她落得今天這個下場,她絕對要報複許悠,她要許悠死!現在她什麽都不管了,她就要許悠死,她要親手殺了許悠,親手結束她與許悠之間的恩恩怨怨。

“鈴鈴鈴……”

康母的手機響了起來。

她連忙接聽。

“祖天,你到家了?家裏怎樣?”

康祖天暴怒地大吼着:“那個白眼狼把我的古董都偷走了,還有你和婷婷的所有珠寶都被他卷走了!”

康母的手機差點滑落在地,她只覺得頭暈目眩,完了,真的完了,康家真的完了。

天塌了,地陷了。

沒了,什麽都沒了。

“你先別讓婷婷知道,她現在太虛弱了,承受不起。”康祖天處于暴怒之中,還不忘提醒着妻子。

康母渾身打了一個激靈,趕緊走開,到病房外面。

“報警了嗎?我們以前幫婷婷存的五千萬呢,也被他拿走了嗎?”康母軟坐在病房門口的椅子上,無力地問着丈夫。

“我報了警,警方現在就在我們的家裏,那本存折被他找到了,他自知取不走,竟然把存折都燒了,那個混帳東西,太無情了!”

康祖天活了大輩子,最後竟然栽在自己曾經很欣賞的寒天明手裏。

“什麽!他……”

康母幾乎要暈倒了。

寒天明無情起來連天地都能變色。

他們康家到底招惹了一個怎樣的男人,把一個惡魔迎進家門,害慘了他們一家三口呀。

“你別太擔心,我報了警,一定能把他抓到的,到時候不僅能追回那些東西,還能讓那個畜生受到懲罰。”康祖天安撫着妻子。
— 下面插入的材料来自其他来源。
(* Let $K\ge 2$, let $s\in(0,1)$, and let $q_1\ge q_2\ge\cdots\ge q_K>0$ satisfy $\sum_{i=1}^K q_i+s=1$. Let $B_1\ge B_2\ge\cdots$ be the base values of all words arranged in non-increasing order, as defined in the context. Put $\alpha_i=\log_{q_1} q_i$, so that $1=\alpha_1\le\alpha_2\le\cdots\le\alpha_K$, and let $R_0>1$ be the unique positive root of $\sum_{i=1}^K X^{-\alpha_i}=1$. Then there is a constant $b\in(0,1)$ such that for every rank $r\ge 1$, $$\frac{b}{R_0}\,B_r^{\log_{q_1}R_0}\;<\;r\;<\;\frac{R_0}{R_0-1}\,B_r^{\log_{q_1}R_0}.$$ Equivalently, writing $-\beta=1/\log_{q_1}R_0=\log q_1/\log R_0$ (so $\beta>0$ and $\beta$ is the solution of $\sum_{i=1}^K q_i^{1/\beta}=1$), there are constants $0<C_1\le C_2$ with $C_1B_r^{-1/\beta}<r<C_2B_r^{-1/\beta}$ for all $r\ge1$.
   Context: Monkey model: a keyboard has $K$ letters $L_1,\dots,L_K$ struck independently with probabilities $q_1,\dots,q_K$ and a space character with probability $s$. A word is a finite (possibly empty) string $L_{i_1}\cdots L_{i_n}$ of letters ($n\ge0$) followed by a space; it has probability $q_{i_1}\cdots q_{i_n}s$. Its base value is $B=q_{i_1}\cdots q_{i_n}$ (the empty word has base value $1$). The base values of all finitely long words, listed with multiplicity in non-increasing order with ties broken by alphabetical order, are denoted $B_1=1\ge B_2\ge\cdots$; $r$ is called the rank of $B_r$. *)

From Stdlib Require Import Reals List.
Open Scope R_scope.

(* Letters L_1,...,L_K are encoded as the naturals 0,...,K-1 (L_{i+1} ~ i);
   q : nat -> R gives their probabilities (q i = q_{i+1}). *)

(* A word (its letter string, without the trailing space) over a K-letter alphabet. *)
Definition is_word (K : nat) (w : list nat) : Prop :=
  Forall (fun a => (a < K)%nat) w.

Definition base_value (q : nat -> R) (w : list nat) : R :=
  fold_right (fun a acc => q a * acc) 1 w.

Fixpoint alph_lt (u v : list nat) : Prop :=
  match u, v with
  | nil, _ :: _ => True
  | a :: u', b :: v' => (a < b)%nat \/ (a = b /\ alph_lt u' v')
  | _, _ => False
  end.

Definition precedes (q : nat -> R) (w' w : list nat) : Prop :=
  base_value q w' > base_value q w \/
  (base_value q w' = base_value q w /\ alph_lt w' w).

Definition has_rank (K : nat) (q : nat -> R) (w : list nat) (r : nat) : Prop :=
  exists l : list (list nat),
    NoDup l /\
    (forall w', In w' l <-> (is_word K w' /\ precedes q w' w)) /\
    r = S (length l).

From Stdlib Require Import Reals List Lra Lia FinFun.
Open Scope R_scope.

(* With [beta = ln R0 / ln q_1 < 0] the weight [phi x = x ^ beta] is self-similar:
   [phi (x / q_i) = phi x * R0 ^ (- alpha_i)], and these factors sum to 1 and are at
   most [1 / R0].  Splitting words by their first letter, the number [N(x)] of words of
   base value at least [x] satisfies [N(x) = 1 + sum_i N(x / q_i)], which by induction on
   the word length gives [N(x) <= (R0 phi(x) - 1) / (R0 - 1)]; the same recursion for
   base values greater than [x] gives at least [(phi(x) - 1) / (K - 1)] such words.
   The word of rank [r] and base value [B] is preceded by every word of base value
   above [B] and by none below it, so [r] lies between the two counts at [x = B]. *)

Lemma ln_le x y : 0 < x -> x <= y -> ln x <= ln y.
Proof.
  intros Hx Hxy; destruct (Rle_lt_or_eq_dec _ _ Hxy) as [Hlt | ->];
    [left; apply ln_increasing |]; lra.
Qed.

Lemma Rpower_ge_1 x y : 0 < x <= 1 -> y <= 0 -> 1 <= Rpower x y.
Proof.
  intros Hx Hy; unfold Rpower.
  assert (ln x <= 0) by (rewrite <- ln_1; apply ln_le; lra).
  pose proof (exp_ineq1_le (y * ln x)); nra.
Qed.

Lemma Rpower_le_1 x y : 1 <= x -> y <= 0 -> Rpower x y <= 1.
Proof.
  intros Hx Hy; rewrite <- (Rpower_O x) by lra; apply Rle_Rpower; lra.
Qed.

Lemma Rdiv_le_iff x y c : 0 < c -> x / c <= y <-> x <= c * y.
Proof.
  intros Hc; split; intros H.
  - replace x with (c * (x / c)) by (field; lra); apply Rmult_le_compat_l; lra.
  - apply Rmult_le_reg_l with c; [exact Hc |].
    replace (c * (x / c)) with x by (field; lra); exact H.
Qed.

Lemma Rdiv_lt_iff x y c : 0 < c -> x / c < y <-> x < c * y.
Proof.
  intros Hc; split; intros H.
  - replace x with (c * (x / c)) by (field; lra); apply Rmult_lt_compat_l; lra.
  - apply Rmult_lt_reg_l with c; [exact Hc |].
    replace (c * (x / c)) with x by (field; lra); exact H.
Qed.

Lemma sum_f_R0_ge_first (a : nat -> R) n :
  (forall i, (i <= n)%nat -> 0 <= a i) -> a 0%nat <= sum_f_R0 a n.
Proof.
  induction n as [| n IH]; intros Ha; simpl; [lra |].
  assert (0 <= a (S n)) by (apply Ha; lia).
  assert (a 0%nat <= sum_f_R0 a n) by (apply IH; intros; apply Ha; lia); lra.
Qed.

Lemma sum_f_R0_indicator n j : (j <= n)%nat ->
  sum_f_R0 (fun i => if Nat.eq_dec i j then 1 else 0) n = 1.
Proof.
  induction n as [| n IH]; intros Hj; cbn [sum_f_R0].
  - destruct (Nat.eq_dec 0 j); [lra | exfalso; lia].
  - destruct (Nat.eq_dec (S n) j) as [<- | Hne].
    + rewrite (sum_eq _ (fun _ => 0)), sum_cte by
        (intros i Hi; destruct (Nat.eq_dec i (S n)); [lia | reflexivity]); lra.
    + rewrite IH by lia; lra.
Qed.

Lemma alph_lt_irrefl u : ~ alph_lt u u.
Proof. induction u as [| a u IH]; simpl; [tauto |]; intros [H | [_ H]]; [lia | auto]. Qed.

Lemma precedes_irrefl q w : ~ precedes q w w.
Proof. intros [H | [_ H]]; [lra | exact (alph_lt_irrefl w H)]. Qed.

Lemma base_value_cons q i w : base_value q (i :: w) = q i * base_value q w.
Proof. reflexivity. Qed.

Fixpoint suffixes_after (i : nat) (l : list (list nat)) : list (list nat) :=
  match l with
  | nil => nil
  | nil :: l' => suffixes_after i l'
  | (j :: v) :: l' =>
      if Nat.eq_dec i j then v :: suffixes_after i l' else suffixes_after i l'
  end.

Lemma in_suffixes_after i v l : In v (suffixes_after i l) <-> In (i :: v) l.
Proof.
  induction l as [| [| j u] l IH]; simpl; [tauto | |].
  - rewrite IH; intuition discriminate.
  - destruct (Nat.eq_dec i j); simpl; rewrite IH; intuition congruence.
Qed.

Lemma NoDup_suffixes_after i l : NoDup l -> NoDup (suffixes_after i l).
Proof.
  induction 1 as [| [| j u] l Hu Hl IH]; simpl; [constructor | exact IH |].
  destruct (Nat.eq_dec i j) as [<- | _]; [| exact IH].
  constructor; [| exact IH]; now rewrite in_suffixes_after.
Qed.

Lemma length_split_first_letter n l :
  (forall w, In w l -> is_word (S n) w) ->
  INR (length l) = INR (count_occ (list_eq_dec Nat.eq_dec) l nil) +
    sum_f_R0 (fun i => INR (length (suffixes_after i l))) n.
Proof.
  induction l as [| [| j v] l IH]; intros Hl.
  - simpl; rewrite sum_cte; lra.
  - rewrite count_occ_cons_eq by reflexivity; cbn [length suffixes_after].
    rewrite !S_INR, IH by (intros; apply Hl; now right); lra.
  - assert (Hj : (j <= n)%nat) by (assert (H := Hl _ (or_introl eq_refl));
      inversion H; lia).
    rewrite count_occ_cons_neq by discriminate; cbn [length suffixes_after].
    rewrite (sum_eq _ (fun i => INR (length (suffixes_after i l)) +
               (if Nat.eq_dec i j then 1 else 0))).
    + rewrite plus_sum, sum_f_R0_indicator, S_INR, IH by
        (auto; intros; apply Hl; now right); lra.
    + intros i _; destruct (Nat.eq_dec i j); cbn [length]; rewrite ?S_INR; lra.
Qed.

Lemma glue_first_letters (P : nat -> list nat -> Prop) (c : nat -> R) n :
  (forall i, (i <= n)%nat ->
     exists m, NoDup m /\ (forall v, In v m -> P i v) /\ c i <= INR (length m)) ->
  exists m, NoDup m /\
    (forall w, In w m -> exists i v, (i <= n)%nat /\ w = i :: v /\ P i v) /\
    sum_f_R0 c n <= INR (length m).
Proof.
  assert (cons_inj : forall i : nat, Injective (cons i)) by
    (intros i u v H; now injection H).
  induction n as [| n IH]; intros Hc.
  - destruct (Hc 0%nat (le_n 0)) as (m & Hm & HP & Hlen).
    exists (map (cons 0%nat) m); split; [| split].
    + now apply Injective_map_NoDup.
    + intros w (v & <- & Hv)%in_map_iff; exists 0%nat, v; auto.
    + now rewrite length_map.
  - destruct IH as (m & Hm & HP & Hlen); [intros; apply Hc; lia |].
    destruct (Hc (S n) (le_n _)) as (m' & Hm' & HP' & Hlen').
    exists (m ++ map (cons (S n)) m'); split; [| split].
    + apply NoDup_app; [exact Hm | now apply Injective_map_NoDup |].
      intros w Hw (v & <- & _)%in_map_iff.
      destruct (HP _ Hw) as (i & u & Hi & [= Hhead _] & _); lia.
    + intros w [Hw | (v & <- & Hv)%in_map_iff]%in_app_or.
      * destruct (HP _ Hw) as (i & u & Hi & -> & Hu); exists i, u; auto.
      * exists (S n), v; auto.
    + rewrite length_app, length_map, plus_INR; simpl; lra.
Qed.

Section SelfSimilarCount.

Variables (n : nat) (q p : nat -> R) (R0 : R) (phi : R -> R).

Hypothesis q_pos : forall i, (i <= n)%nat -> 0 < q i.
Hypothesis q_le_1 : forall i, (i <= n)%nat -> q i <= 1.
Hypothesis phi_scale : forall i x, (i <= n)%nat -> 0 < x -> phi (x / q i) = phi x * p i.
Hypothesis phi_ge_1 : forall x, 0 < x <= 1 -> 1 <= phi x.
Hypothesis phi_le_1 : forall x, 1 <= x -> phi x <= 1.
Hypothesis p_nonneg : forall i, (i <= n)%nat -> 0 <= p i.
Hypothesis R0_p_le_1 : forall i, (i <= n)%nat -> R0 * p i <= 1.
Hypothesis sum_p : sum_f_R0 p n = 1.
Hypothesis R0_gt_1 : 1 < R0.
Hypothesis n_pos : (0 < n)%nat.

Lemma base_value_in_01 w : is_word (S n) w -> 0 < base_value q w <= 1.
Proof.
  induction 1 as [| i w Hi _ [Hw0 Hw1]]; simpl; [lra |].
  assert (0 < q i) by (apply q_pos; lia); assert (q i <= 1) by (apply q_le_1; lia).
  split; [nra |]. rewrite <- (Rmult_1_r 1); apply Rmult_le_compat; lra.
Qed.

Lemma count_words_above_upper k x l : 0 < x <= 1 -> NoDup l ->
  (forall w, In w l -> is_word (S n) w /\ (length w < k)%nat /\ x <= base_value q w) ->
  INR (length l) <= (R0 * phi x - 1) / (R0 - 1).
Proof.
  revert x l; induction k as [| k IH]; intros x l Hx Hl Hmem.
  { destruct l as [| w l]; [| destruct (Hmem w (or_introl eq_refl)) as (_ & Hw & _); lia].
    pose proof (phi_ge_1 x Hx); simpl; apply Rle_mult_inv_pos; nra. }
  set (c := R0 * (phi x - 1) / (R0 - 1)).
  assert (Hc : 0 <= c) by (pose proof (phi_ge_1 x Hx); apply Rle_mult_inv_pos; nra).
  assert (Hsuff : forall i, (i <= n)%nat -> INR (length (suffixes_after i l)) <= p i * c).
  { intros i Hi; pose proof (q_pos i Hi); pose proof (p_nonneg i Hi).
    assert (Hmem_i : forall u, In u (suffixes_after i l) ->
      is_word (S n) u /\ (length u < k)%nat /\ x / q i <= base_value q u).
    { intros u Hu%in_suffixes_after; destruct (Hmem _ Hu) as (Hw & Hlen & Hbase).
      inversion Hw; subst; simpl in Hlen.
      rewrite base_value_cons, <- Rdiv_le_iff in Hbase by lra; repeat split; auto; lia. }
    destruct (suffixes_after i l) as [| v l'] eqn:E; [simpl; nra |].
    destruct (Hmem_i v (or_introl eq_refl)) as (Hv & _ & Hxv).
    pose proof (base_value_in_01 v Hv).
    eapply Rle_trans; [apply (IH (x / q i)) |].
    - split; [apply Rdiv_lt_0_compat |]; lra.
    - rewrite <- E; now apply NoDup_suffixes_after.
    - exact Hmem_i.
    - rewrite phi_scale by (auto; lra); unfold c.
      pose proof (R0_p_le_1 i Hi).
      apply Rmult_le_reg_r with (R0 - 1); [lra |].
      field_simplify; [nra | lra | lra]. }
  rewrite (length_split_first_letter n l) by (intros w Hw; apply Hmem, Hw).
  assert (Hnil : (count_occ (list_eq_dec Nat.eq_dec) l nil <= 1)%nat) by
    now apply NoDup_count_occ.
  apply le_INR in Hnil.
  apply sum_Rle in Hsuff; rewrite <- scal_sum, sum_p in Hsuff.
  apply Rle_trans with (1 + c); [simpl in Hnil; lra |].
  unfold c; apply Req_le; field; lra.
Qed.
寒天明現在已經是在犯罪,一旦被找到,等待他的将是法律的懲罰。

康母哭着,不知道還能說什麽。

雖然父母避開她通電話,康婷婷還是能從母親的反應猜到了結果。

在怨恨寒天明的無情時,也讓她更想報複。

狠狠地一抹眼淚,康婷婷告訴自己不要哭了,哭是沒有用的,哭也不能讓一切不曾發生過。

如果時光能倒流,她再也不要認識許悠,更不要認識寒天明。

她的一生,都毀在了許悠比她優秀。

閉上了紅腫的雙眼,康婷婷默默地告訴着自己,她先休養兩天,再去伺機殺了許悠。

就算是死,她也要拉上許悠做墊背的。

康婷婷很可悲,也很可恨。

到了現在,她依舊把過錯往許悠身上推,依舊想着報複許悠,想着置許悠于死地。

有句話說“可憐之人必有可恨之處。”康婷婷現在很可憐,卻也很可恨。

553 結束了(一)

553 結束了(一)

夜深人靜。

夢中醒來摸摸身邊發覺枕邊人不在,許悠扭頭看身側,游烈真的不在。她起來正想出去就聽到陽臺上有着游烈低沉的說話聲,他似乎在和誰通着電話。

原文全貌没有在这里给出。